Here comes the bride, all dressed in white… Ok STOP!
I believe in love at first sight but hold your horses. Being smitten is a lovely feeling but don’t confuse that with love just yet. Today, I’m going to give you an advice that you should take with a grain of salt on when to propose to your ladyboy date.
This is the paramount factor to consider before settling down. I know quality is more important than quantity but let’s not take away the fact that many marriages end prematurely because of a very short relationship prior to the wedding. Sometimes, it’s not your heart that’s beating. The feeling of being “dickmatized” can be comparable to psychotic drugs. It’s inevitable to mistake your erection as equivalent to someone who’s having butterflies in the stomach.
Enough time of living together will not only reveal real feelings, it’ll also reveal one’s bonafide personality.

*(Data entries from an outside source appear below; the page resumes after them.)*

Fixpoint rtree_dec (t : GenTree.tree unit) : rtree :=
  match t with
  | GenTree.Leaf _ => RNode [::]
  | GenTree.Node _ ts => RNode (map rtree_dec ts)
  end.

Fixpoint rtree_encK_aux (t : rtree) : rtree_dec (rtree_enc t) = t :=
  match t return rtree_dec (rtree_enc t) = t with
  | RNode ts => f_equal RNode
      ((fix F (s : seq rtree) : map rtree_dec (map rtree_enc s) = s :=
          match s return map rtree_dec (map rtree_enc s) = s with
          | [::] => erefl
          | t' :: s' => f_equal2 cons (rtree_encK_aux t') (F s')
          end) ts)
  end.

Lemma rtree_encK : cancel rtree_enc rtree_dec.
Proof. exact: rtree_encK_aux. Qed.

HB.instance Definition _ := Countable.copy rtree (can_type rtree_encK).

(* a total order on planar trees, used only to build canonical forms *)
Definition tle (t u : rtree) : bool := (pickle t <= pickle u)%N.

(* canonical planar representative of a (non-planar) rooted tree *)
Fixpoint canon (t : rtree) : rtree :=
  let: RNode ts := t in RNode (sort tle (map canon ts)).

(* forests are multisets of trees: canonical form of a forest *)
Definition canonF (f : seq rtree) : seq rtree := sort tle (map canon f).

Definition iso (f g : seq rtree) : bool := canonF f == canonF g.

(* the grafting operator B_+ on a forest: the tree RNode f *)

(* The Connes-Kreimer Hopf algebra H_R as the free K-vector space on   *)
(* isomorphism classes of rooted forests.  An element is represented   *)
(* by a finite formal linear combination of (planar) forests;          *)
(* [eqHR] is equality in H_R (equal coefficients on every class).       *)
Section HR.
Variable K : fieldType.

Definition HR := seq (K * seq rtree).

Definition coefHR (x : HR) (f : seq rtree) : K :=
  \sum_(p <- x | iso p.2 f) p.1.

Definition eqHR (x y : HR) : Prop := forall f, coefHR x f = coefHR y f.

Definition oneHR : HR := [:: (1, [::])].
Definition addHR (x y : HR) : HR := x ++ y.
(* product: disjoint union of forests, extended bilinearly *)
Definition mulHR (x y : HR) : HR :=
  [seq (p.1 * q.1, p.2 ++ q.2) | p <- x, q <- y].
Definition bplusHR (x : HR) : HR := [seq (p.1, [:: RNode p.2]) | p <- x].

Definition extHR (V : lmodType K) (g : seq rtree -> V) (x : HR) : V :=
  \sum_(p <- x) p.1 *: g p.2.
Definition extK (g : seq rtree -> K) (x : HR) : K :=
  \sum_(p <- x) p.1 * g p.2.

(* Coproduct of H_R on basis forests, as a list of pairs (f1, f2)     *)
(* standing for sum of f1 (x) f2 (all coefficients 1), defined by       *)
(*   Delta (B_+ f) = B_+ f (x) 1 + (id (x) B_+) Delta f,                *)
(*   Delta multiplicative, Delta 1 = 1 (x) 1.                           *)
End HR.

Fixpoint copT (t : rtree) : seq (seq rtree * seq rtree) :=
  let: RNode ts := t in
  ([:: t], [::]) ::
  [seq (p.1, [:: RNode p.2]) |
     p <- foldr (fun u acc => [seq (p.1 ++ q.1, p.2 ++ q.2) | p <- copT u, q <- acc])
                [:: ([::], [::])] ts].

Definition copF (f : seq rtree) : seq (seq rtree * seq rtree) :=
  foldr (fun u acc => [seq (p.1 ++ q.1, p.2 ++ q.2) | p <- copT u, q <- acc])
        [:: ([::], [::])] f.

Section HR2.
Variable K : fieldType.

(* delta beta = (id (x) beta) o Delta - 1 . beta, on H_R, for beta in H_R' *)
(* (a linear functional on H_R is given by its values on basis forests)   *)
Definition deltaHR (beta : seq rtree -> K) (x : HR K) : HR K :=
  flatten [seq [seq (p.1 * beta q.2, q.1) | q <- copF p.2] | p <- x]
  ++ [:: (- extK beta x, [::])].

(* theta_beta = phi_{B_+ + delta beta} : H_R -> H_R, given on basis forests:   *)
Definition is_theta (beta : seq rtree -> K) (th : seq rtree -> HR K) : Prop :=
  [/\ forall f f', iso f f' -> eqHR (th f) (th f'),
      eqHR (th [::]) (oneHR K),
      forall f f', eqHR (th (f ++ f')) (mulHR (th f) (th f')) &
      forall f, eqHR (th [:: RNode f])
                     (addHR (bplusHR (th f)) (deltaHR beta (th f)))].

(* phi_M : H_R -> A for an algebra A and M : A -> A, given on basis forests *)
Definition is_phi (A : algType K) (M : A -> A) (g : seq rtree -> A) : Prop :=
  [/\ forall f f', iso f f' -> g f = g f',
      g [::] = 1,
      forall f f', g (f ++ f') = g f * g f' &
      forall f, g [:: RNode f] = M (g f)].

(* Tensors.  MathComp has no tensor products; an element of U (x) V is *)
(* represented by a finite list of simple tensors, and two lists are   *)
(* equal in U (x) V iff every bilinear map agrees on them (universal   *)
(* property of the tensor product); same for triple tensors.           *)
Definition bilin (U V W : lmodType K) (B : U -> V -> W) : Prop :=
  (forall v a u1 u2, B (a *: u1 + u2) v = a *: B u1 v + B u2 v) /\
  (forall u a v1 v2, B u (a *: v1 + v2) = a *: B u v1 + B u v2).

Definition teq2 (U V : lmodType K) (s t : seq (U * V)) : Prop :=
  forall (W : lmodType K) (B : U -> V -> W), bilin B ->
    \sum_(p <- s) B p.1 p.2 = \sum_(p <- t) B p.1 p.2.

Definition trilin (U V X W : lmodType K) (T : U -> V -> X -> W) : Prop :=
  (forall v x a u1 u2, T (a *: u1 + u2) v x = a *: T u1 v x + T u2 v x) /\
  (forall u x a v1 v2, T u (a *: v1 + v2) x = a *: T u v1 x + T u v2 x) /\
  (forall u v a x1 x2, T u v (a *: x1 + x2) = a *: T u v x1 + T u v x2).

Definition teq3 (U V X : lmodType K) (s t : seq (U * V * X)) : Prop :=
  forall (W : lmodType K) (T : U -> V -> X -> W), trilin T ->
    \sum_(p <- s) T p.1.1 p.1.2 p.2 = \sum_(p <- t) T p.1.1 p.1.2 p.2.

Definition linmap (U V : lmodType K) (f : U -> V) : Prop :=
  forall a x y, f (a *: x + y) = a *: f x + f y.
Definition linform (U : lmodType K) (f : U -> K) : Prop :=
  forall a x y, f (a *: x + y) = a * f x + f y.

Definition is_bialgebra (H : algType K) (D : H -> seq (H * H)) (e : H -> K)
  : Prop :=
  [/\ (forall a x y, teq2 (D (a *: x + y)) ([seq (a *: p.1, p.2) | p <- D x] ++ D y)),
      (forall x, teq3
         (flatten [seq [seq (q.1, q.2, p.2) | q <- D p.1] | p <- D x])
         (flatten [seq [seq (p.1, q.1, q.2) | q <- D p.2] | p <- D x])),
      (forall x, \sum_(p <- D x) e p.1 *: p.2 = x /\
                 \sum_(p <- D x) e p.2 *: p.1 = x),
      (forall x y, teq2 (D (x * y)) [seq (p.1 * q.1, p.2 * q.2) | p <- D x, q <- D y]
                   /\ teq2 (D 1) [:: (1, 1)]) &
      [/\ linform e, (forall x y, e (x * y) = e x * e y) & e 1 = 1]].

Little things like organization incompatibility can cripple a lasting relationship so you have to know if you can live with your ladyboy date on a daily basis without having the feeling of wringing her neck along with the bed sheets you just laundered.
Level of Love
Some of us sometimes mistake comfortability with a long-lasting love. This may sound corny but you have to reflect if your ladyboy date is truly THE ONE.
Why do you have to know this?
If you’re in a relationship with her but you’re not feeling like you want to give your body, mind, soul, time, and world to her, then this means that she’s just there for your convenience. In time, you’ll be able to realize that you’d want more and it can lead to you cheating on her with chances of things getting so ugly which include alimony, divorce, settlements, and etc. If my future husband cheats on me, I’ll take every single dime I can get. Just saying.
I don’t know what your set up is but are the both of you prepared for the financial requirements of a marriage. Let’s be realistic, most of the time, if you’re from the west and you want an Asian Ladyboy Date who’s from Asia, you’re going to have to go through a lot of spending before you finally get to be with her for good.
Are your savings ready? Ready in terms of are they enough and you being mentally ready that it will be sliced off. Be in touch with your money pie before deciding on marrying your ladyboy date. Not only will you be spending a lot on trying to take her to your country, there are also future instances that you’ll also have to prepare for. Say she decides to work in your country and the only mode of transportation is by car. Can she already drive? Will her future work be close to your office and ride-sharing is a possibility? If not, can you afford to buy her a car? What about her insurance… health, life, and etc. These things don’t magically drop on the doorstep of the new home you bought for you and your ladyboy date.
I can talk more about this but for now, think of those 3 factors and think very hard.